Dust samples were collected from 6 sites: the infant's bedroom floor and mattress, the parents' bedroom floor and mattress, the floor of the most commonly used room in the house, and the upholstered furniture in that room. A standard protocol was used for dust collection, as described previously.16 The samples were placed in a zip-locked bag and stored at −20°C until being extracted and analyzed for house dust mite and cat allergens. The levels were determined using an enzyme-linked immunosorbent assay with purified monoclonal antibodies against group 1 mite allergens, Dermatophagoides pteronyssinus and Dermatophagoides farinae, and cat allergen, Felis domesticus.17,18 All samples were determined in duplicate. The total mite allergen (sum of D pteronyssinus and D farinae) was reported in micrograms per gram of dust.4 The allergen levels of all 6 sites at each time were averaged in this presentation.
After completing the baseline assessment, the nurse opened the sealed envelope that determined the families' allocation group. The control group did not receive any information about avoidance measures; instead, they received the usual care provided by their primary care physicians. The intervention group received the following specific measures immediately after allocation at the end of the prenatal visit.
All mattresses and box springs in the parents' and the infants' bedrooms were encased with vapor-impermeable covers. Parents were instructed to wash all bedding in hot water weekly. Research nurses applied benzyl benzoate powder (Acarosan powder; Bencard Laboratories–SmithKline Beecham Inc, Mississauga, Ontario) to carpets in these rooms and benzyl benzoate foam to the upholstered furniture in the most commonly used room before and at 4 and 8 months after birth. The powder was left on carpets for 8 to 12 hours before removal by vacuuming.
Parents who had cats, dogs, and other furry pets were counseled to remove them from the home. If this was not possible, they were instructed to keep pets outside the house or at least outside the infant's bedroom. Parents without pets were advised not to get one.
Parents who were smokers were counseled on smoking cessation. Emphasis was placed on the necessity of abstinence of smoking by parents, other caregivers, and visitors inside the home and in the presence of the infant when outside the home.

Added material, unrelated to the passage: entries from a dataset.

Lemma walk_sumD k j b F : walk_sum (k + j) b F = walk_sum k b (fun a => walk_sum j a F).
Proof.
elim: k b => [|k IH] b; first by rewrite walk_sum0.
by rewrite addSn !walk_sumS; apply: eq_bigr => c _; rewrite IH.
Qed.

Lemma walk_sumSr k b F :
  walk_sum k.+1 b F = walk_sum k b (fun c => \sum_(a | a != c) w a * F a).
Proof.
rewrite -addn1 walk_sumD; apply: eq_walk_sum => c.
by rewrite walk_sumS; apply: eq_bigr => a _; rewrite walk_sum0.
Qed.

Definition walk_weight k b a := walk_sum k b (fun d => (d == a)%:R).

Lemma walk_sumE k b F : walk_sum k b F = \sum_a walk_weight k b a * F a.
Proof.
under [RHS]eq_bigr do rewrite mulr_suml.
rewrite exchange_big; apply: eq_bigr => p _ /=.
rewrite (bigD1 (walk_at b p k)) //= eqxx mulr1 [X in _ + X]big1 ?addr0 // => a ne.
by rewrite eq_sym (negbTE ne) mulr0 mul0r.
Qed.

Lemma sum_neq_mul_eq c b :
  \sum_(d | d != c) w d * (d == b)%:R = (b != c)%:R * w b.
Proof.
rewrite big_mkcond (bigD1 b) //= eqxx big1 ?addr0 => [|d /negbTE->].
  by case: (b != c); rewrite ?mulr1 ?mul1r ?mul0r.
by case: (d != c); rewrite ?mulr0.
Qed.

(* Reversing a walk from [b] to [a] gives one from [a] to [b]. *)
Lemma walk_weight_sym k a b : w b * walk_weight k b a = w a * walk_weight k a b.
Proof.
elim: k a b => [|k IH] a b.
  by rewrite /walk_weight !walk_sum0 eq_sym; case: eqP => [->|]; rewrite ?mulr0.
rewrite /walk_weight walk_sumS walk_sumSr walk_sumE big_mkcond !mulr_sumr.
apply: eq_bigr => c _; rewrite sum_neq_mul_eq (eq_sym c b).
case: (b != c); last by rewrite !mul0r !mulr0.
by rewrite mul1r (IH a c); ring.
Qed.

Lemma walk_sum_swap k (F G : C -> R) :
  \sum_c w c * walk_sum k c F * G c = \sum_a w a * F a * walk_sum k a G.
Proof.
under eq_bigr do rewrite walk_sumE mulr_sumr mulr_suml.
under [RHS]eq_bigr do rewrite walk_sumE mulr_sumr.
rewrite exchange_big; apply: eq_bigr => a _; apply: eq_bigr => c _ /=.
by rewrite mulrA walk_weight_sym; ring.
Qed.

Definition path_weight j b := walk_sum j b (fun _ => 1).
Definition closed_weight j b := walk_sum j b (fun a => (a != b)%:R).
Definition path_poly j := \sum_c w c * path_weight j c.
Definition cycle_poly j := \sum_c w c * closed_weight j.-1 c.

Lemma path_weight0 b : path_weight 0 b = 1.
Proof. exact: walk_sum0. Qed.

Lemma path_weightS j b : path_weight j.+1 b = path_poly j - w b * path_weight j b.
Proof. by rewrite /path_poly /path_weight walk_sumS [in RHS](bigD1 b) //=; ring. Qed.

Lemma closed_weight0 b : closed_weight 0 b = 0.
Proof. by rewrite /closed_weight walk_sum0 eqxx. Qed.

Lemma closed_weightS j b :
  closed_weight j.+1 b = path_weight j.+1 b - w b * closed_weight j b.
Proof.
rewrite /closed_weight /path_weight !walk_sumSr -walk_sumZ -walk_sumB.
apply: eq_walk_sum => c; rewrite mulrC (eq_sym c b) -sum_neq_mul_eq -sumrB.
by apply: eq_bigr => a _; case: eqP; rewrite ?mulr0 ?mulr1 ?subr0 ?subrr.
Qed.

Lemma sum_mul_lincomb (u f g : C -> R) (h : nat -> C -> R) (s : nat -> R) x m :
  (forall c, f c = x * g c - \sum_(0 <= i < m) s i * h i c) ->
  \sum_c u c * f c = x * \sum_c u c * g c - \sum_(0 <= i < m) s i * \sum_c u c * h i c.
Proof.
move=> ef; under eq_bigr do rewrite ef mulrBr mulrCA mulr_sumr.
rewrite sumrB mulr_sumr exchange_big /=; congr (_ - _).
by apply: eq_bigr => i _; rewrite mulr_sumr; apply: eq_bigr => c _; rewrite mulrCA.
Qed.

(* The case k = 0, H = K_1 of the theorem, rooted at the colour [b] of the
   root of C_(m+2). *)
Lemma closed_weightE m b :
  closed_weight m.+1 b =
  m.+1%:R * path_weight m.+1 b - \sum_(0 <= i < m) cycle_poly (m.+1 - i) * path_weight i b.
Proof.
elim: m b => [|m IH] b.
  by rewrite closed_weightS closed_weight0 mulr0 subr0 big_geq //; ring.
have cycle_polyE : cycle_poly m.+2 =
    m.+1%:R * path_poly m.+1 - \sum_(0 <= i < m) cycle_poly (m.+1 - i) * path_poly i.
  exact: sum_mul_lincomb.
have wb_path : w b * path_weight m.+1 b = path_poly m.+1 - path_weight m.+2 b.
  by rewrite (path_weightS m.+1) opprB addrC subrK.
have wb_sum : w b * \sum_(0 <= i < m) cycle_poly (m.+1 - i) * path_weight i b =
    \sum_(0 <= i < m) cycle_poly (m.+1 - i) * path_poly i
    - \sum_(0 <= i < m) cycle_poly (m.+2 - i.+1) * path_weight i.+1 b.
  by rewrite mulr_sumr -sumrB; apply: eq_bigr => i _; rewrite path_weightS subSS; ring.
rewrite closed_weightS IH mulrBr wb_sum (mulrCA (w b)) wb_path.
rewrite big_nat_recl // path_weight0 subn0 cycle_polyE; ring.
Qed.

Definition proper_col (G : rooted_graph) (f : {ffun rvtx G -> C}) :=
  [forall x, forall y, radj G x y ==> (f x != f y)].
Arguments proper_col : clear implicits.

Definition colsum G := \sum_(f | proper_col G f) \prod_x w (f x).

Local Notation nonroot H := {x : rvtx H | x != rroot H}.

Definition root_ext H a (f : {ffun nonroot H -> C}) : {ffun rvtx H -> C} :=
  [ffun x => if insub x is Some s then f s else a].

Definition pinned_colsum H a :=
  \sum_(f : {ffun nonroot H -> C} | proper_col H (root_ext a f)) \prod_s w (f s).

Lemma root_ext_root H a f : @root_ext H a f (rroot H) = a.
Proof. by rewrite ffunE insubF // eqxx. Qed.

Lemma root_ext_val H a f s : @root_ext H a f (val s) = f s.
Proof. by rewrite ffunE valK. Qed.

Section PathJoin.
Variables (k : nat) (G H : rooted_graph).

Definition Pk_join (fG : {ffun rvtx G -> C}) (p : {ffun 'I_k -> C})
    (fH : {ffun nonroot H -> C}) : {ffun PkV k G H -> C} :=
  [ffun x => match x with
             | inl (inl a) => fG a
             | inl (inr i) => p i
             | inr s => fH s end].

Section JoinedColouring.
Variables (fG : {ffun rvtx G -> C}) (p : {ffun 'I_k -> C}) (fH : {ffun nonroot H -> C}).
Local Notation f := (Pk_join fG p fH).
Local Notation u := (fG (rroot G)).

Lemma Pk_join_pos i : f (Pk_pos k G H i) = walk_at u p i.
Proof. by rewrite /walk_at; case: i => [|j] /=; rewrite ?ffunE //; case: insub. Qed.

Lemma Pk_join_embH x : f (Pk_embH k G x) = root_ext (walk_at u p k) fH x.
Proof.
rewrite /Pk_embH [RHS]ffunE; case: insub => [s|]; last exact: Pk_join_pos.
by rewrite ffunE.
Qed.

Mothers were encouraged to breastfeed for at least 4 months and for the first year if possible. When full breastfeeding was not possible, a partially hydrolyzed whey formula (Good Start; Nestle Canada Inc, North York, Ontario) was supplied to the infants for supplementation when necessary and after weaning, up to the age of 12 months. Infants who had allergic symptoms to the partially hydrolyzed formula were given soy formula. During the last trimester of pregnancy and during lactation, mothers were instructed to follow a diet excluding peanuts, other nuts, fish, and other seafood. Parents were counseled to delay the introduction of solids until the age of 6 months and were given a timetable of the types of food to be introduced after the age of 6 months. Parents were also advised to exclude cow's milk, seafood, and peanuts from the infant's diet during at least the first year of life.
The intervention families were also encouraged to avoid using day care facilities. During subsequent visits, the research nurse reinforced the various avoidance measures.

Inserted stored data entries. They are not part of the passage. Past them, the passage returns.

Theorem lemma4p7 (R : fieldType) (hchar : [pchar R] =i pred0)
    (x y : nat -> R) (u v : nat) (hu : (1 <= u)%N) (hv : (1 <= v)%N) :
  univ_char (stair u.+1) (stair v.+1) x y * univ_char (stair u.-1) (stair v.-1) x y
  - univ_char (stair u.+1) (stair v.-1) x y * univ_char (stair u.-1) (stair v.+1) x y
  + univ_char (stair u) (stair v) x y ^+ 2 = 0
  /\
  univ_char (stair u.+1) (stair v.-1) x y * univ_char (stair u.-1) (stair v.+1) x y
  - univ_char (stair u) (stair2 v) x y * univ_char (stair2 u) (stair v) x y
  + univ_char (stair2 u) (stair2 v) x y * univ_char (stair u) (stair v) x y = 0.
Proof.
case: u hu => // a _; case: v hv => // b _.
rewrite -[a.+1.-1]/a -[b.+1.-1]/b !univ_charE.
have [p0 q0] := (schur_pz0 x, schur_pz0 y).
have [p_neg q_neg] := (@schur_pz_neg _ x, @schur_pz_neg _ y).
by split; [apply: univ_det_stair_jacobi | apply: univ_det_stair_pluecker].
Qed.
Lemma euclid_step_v s : euclid_state s -> sg (Rabs (s i)) < Rabs (s j) ->
  euclid_state (shear j i s) /\
  Rabs (shear j i s j) = Rabs (s j) - sg (Rabs (s i)) /\ shear j i s i = s i.
Proof.
intros [Rs [Hneg [g [Hg Hgx]]]] Hlt.
assert (Ej : shear j i s j = s j + sg (s i)).
{ rewrite shear_at. unfold shear_fn. destruct (Nat.ltb_spec j i); [lia | reflexivity]. }
assert (Ei : shear j i s i = s i) by (apply shear_other; lia).
rewrite Ei, Ej.
set (g' := fun p => g (v2inv sg p)).
assert (Hg' : Mminus sg si g').
{ exact (gen_monoid_comp _ _ g (gm_comp _ (v2inv sg) _ (or_intror eq_refl) (gm_id _)) Hg). }
assert (Hg'x : g' (s i, s j + sg (s i)) = (x i, x j)).
{ unfold g', v2inv; simpl. replace (s j + sg (s i) - sg (s i)) with (s j) by ring. exact Hgx. }
assert (Hi0 : s i <> 0) by (intro E; rewrite E in Hneg; lra).
destruct (Rabs_add_opp_sign (s j) (s i) (sg (s i))) as [Habs Hsign].
- lra.
- left. apply (oic_mul_pos _ oic_sg _ Hi0).
- rewrite (oic_Rabs _ oic_sg). lra.
- rewrite (oic_Rabs _ oic_sg) in Habs. split; [|split; auto].
  split; [apply (reach_trans _ _ _ Rs), reach_shear; lia|].
  rewrite Ei, Ej. split; [|exists g'; auto].
  assert (s j + sg (s i) <> 0) by (intro E; rewrite E, Rabs_R0 in Habs; lra).
  assert ((s j + sg (s i)) * s i <> 0) by (apply Rmult_integral_contrapositive; auto).
  lra.
Qed.

Lemma euclid_one_small s d : 0 < d -> euclid_state s ->
  exists s', euclid_state s' /\ (Rabs (s' i) < d \/ Rabs (s' j) < d).
Proof.
intros Hd Hs0.
apply (descent _ _ (fun s => Rabs (s i) + Rabs (s j)) (Rmin (si d) (sg d))) with (s := s).
- apply Rmin_glb_lt; apply oic_pos; auto using oic_si, oic_sg.
- intros s' _. pose proof (Rabs_pos (s' i)). pose proof (Rabs_pos (s' j)). lra.
- intros s' Hs' Hbig.
  assert (Hi : d <= Rabs (s' i)) by (apply Rnot_lt_le; tauto).
  assert (Hj : d <= Rabs (s' j)) by (apply Rnot_lt_le; tauto).
  pose proof (Rmin_l (si d) (sg d)). pose proof (Rmin_r (si d) (sg d)).
  destruct (Rle_or_lt (si (Rabs (s' j))) (Rabs (s' i))) as [Hh|Hv].
  + destruct (euclid_step_h s' Hs' Hh) as [Hst [E1 E2]].
    exists (shear i j s'). split; [exact Hst|]. rewrite E1, E2.
    assert (si d <= si (Rabs (s' j))) by (apply (oic_le _ oic_si); exact Hj). lra.
  + assert (Hv' : sg (Rabs (s' i)) < Rabs (s' j)).
    { rewrite <- (sg_si (Rabs (s' j))). apply (oic_lt _ oic_sg), Hv. }
    destruct (euclid_step_v s' Hs' Hv') as [Hst [E1 E2]].
    exists (shear j i s'). split; [exact Hst|]. rewrite E1, E2.
    assert (sg d <= sg (Rabs (s' i))) by (apply (oic_le _ oic_sg); exact Hi). lra.
- exact Hs0.
Qed.

Lemma euclid_shrink_j s : euclid_state s ->
  exists s', euclid_state s' /\ s' i = s i /\ Rabs (s' j) <= sg (Rabs (s i)).
Proof.
intros Hs0.
assert (Hc : 0 < sg (Rabs (s i))).
{ apply (oic_pos _ oic_sg), Rabs_pos_lt. intro E.
  destruct Hs0 as [_ [Hneg _]]. rewrite E in Hneg. lra. }
destruct (descent (fun s' => euclid_state s' /\ s' i = s i)
  (fun s' => Rabs (s' j) <= sg (Rabs (s i))) (fun s' => Rabs (s' j)) _ Hc) with (s := s)
  as [s' [[Hs' Ei] Hq]].
- intros; apply Rabs_pos.
- intros s' [Hs' Ei] Hbig. apply Rnot_le_lt in Hbig. rewrite <- Ei in Hbig.
  destruct (euclid_step_v s' Hs' Hbig) as [Hst [E1 E2]].
  exists (shear j i s'). rewrite E1, E2. split; [split; assumption | rewrite Ei; lra].
- split; [exact Hs0 | reflexivity].
- exists s'. auto.
Qed.

Lemma euclid_shrink_i s : euclid_state s ->
  exists s', euclid_state s' /\ s' j = s j /\ Rabs (s' i) < si (Rabs (s j)).
Proof.
intros Hs0.
assert (Hc : 0 < si (Rabs (s j))).
{ apply (oic_pos _ oic_si), Rabs_pos_lt. intro E.
  destruct Hs0 as [_ [Hneg _]]. rewrite E in Hneg. lra. }
destruct (descent (fun s' => euclid_state s' /\ s' j = s j)
  (fun s' => Rabs (s' i) < si (Rabs (s j))) (fun s' => Rabs (s' i)) _ Hc) with (s := s)
  as [s' [[Hs' Ej] Hq]].
- intros; apply Rabs_pos.
- intros s' [Hs' Ej] Hbig. apply Rnot_lt_le in Hbig. rewrite <- Ej in Hbig.
  destruct (euclid_step_h s' Hs' Hbig) as [Hst [E1 E2]].
  exists (shear i j s'). rewrite E1, E2. split; [split; assumption | rewrite Ej; lra].
- split; [exact Hs0 | reflexivity].
- exists s'. auto.
Qed.

Lemma euclid_small_pair tau : 0 < tau -> x i * x j < 0 ->
  exists s, reach x s /\ s i * s j < 0 /\ Rabs (s i) < tau /\ Rabs (s j) < tau.
Proof.
intros Htau Hx.
assert (Hx0 : euclid_state x).
{ split; [apply reach_refl|]. split; [exact Hx|].
  exists (fun p => p). split; [constructor | reflexivity]. }
destruct (small_near_zero tau Htau) as [e [He Hsmall]].
destruct (euclid_one_small x e He Hx0) as [s1 [Hs1 [Hi1|Hj1]]].
- destruct (euclid_shrink_j s1 Hs1) as [s2 [[R2 [Hneg _]] [Ei Hj]]].
  destruct (Hsmall _ Hi1) as [Hi [Hg _]].
  rewrite (oic_Rabs _ oic_sg) in Hg.
  exists s2. repeat split; [exact R2 | exact Hneg | rewrite Ei; lra | lra].
- destruct (euclid_shrink_i s1 Hs1) as [s2 [[R2 [Hneg _]] [Ej Hi]]].
  destruct (Hsmall _ Hj1) as [Hj [_ Hs1j]].
  rewrite (oic_Rabs _ oic_si) in Hs1j.
  exists s2. repeat split; [exact R2 | exact Hneg | lra | rewrite Ej; lra].
Qed.

End Euclid.

Lemma approach_off_pair s t u w d : t <> u -> (t < n)%nat -> (u < n)%nat ->
  s t * s u < 0 -> small d (s t) -> small d (s u) ->
  exists s', reach s s' /\ s' t = s t /\ s' u = s u /\
    forall l, (l < n)%nat -> l <> t -> l <> u -> Rabs (s' l - w l) < d.
Proof.
intros Htu Ht Hu Hneg Hdt Hdu.
assert (Hfill : forall N, exists s', reach s s' /\ s' t = s t /\ s' u = s u /\
  forall l, (l < N)%nat -> (l < n)%nat -> l <> t -> l <> u -> Rabs (s' l - w l) < d).
{ induction N as [|N [s1 [R1 [Et [Eu H1]]]]].
  - exists s. repeat split; [apply reach_refl | intros; lia].
  - destruct (classic ((N < n)%nat /\ N <> t /\ N <> u)) as [[HN [HNt HNu]]|HN].
    + destruct (approach_two_sided s1 N t u (w N) d) as [s2 [R2 [B2 E2]]];
        try rewrite Et; try rewrite Eu; auto.
      exists s2. rewrite (E2 t), (E2 u) by auto.
      repeat split; [eapply reach_trans; eauto | auto | auto |].
      intros l Hl Hln Hlt Hlu. destruct (Nat.eq_dec l N) as [->|HlN]; [exact B2|].
      rewrite E2 by exact HlN. apply H1; auto. lia.
    + exists s1. repeat split; auto.
      intros l Hl Hln Hlt Hlu. destruct (Nat.eq_dec l N) as [->|HlN]; [tauto|].
      apply H1; auto. lia. }
destruct (Hfill n) as [s' [R' [Et [Eu H']]]].
exists s'. repeat split; auto.
Qed.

At the end of 12 months, each infant was seen by 1 pediatric allergist at each center who was blinded to the randomization and to the families' compliance with intervention measures and who did not provide health care services to the families. Allergy skin tests were done by research nurses using the epicutaneous method with a prick (Lanceter; Bayer Inc, Toronto, Ontario) with the following allergens (all obtained from Bayer Inc): house dust mite (D pteronyssinus and D farinae), cat, dog, cockroach, Alternaria, Cladosporium, cow's milk, egg white, wheat, soy, and peanut. Histamine diphosphate, 1 mg/mL, was used as the positive control, and isotonic sodium chloride solution was used as the negative control.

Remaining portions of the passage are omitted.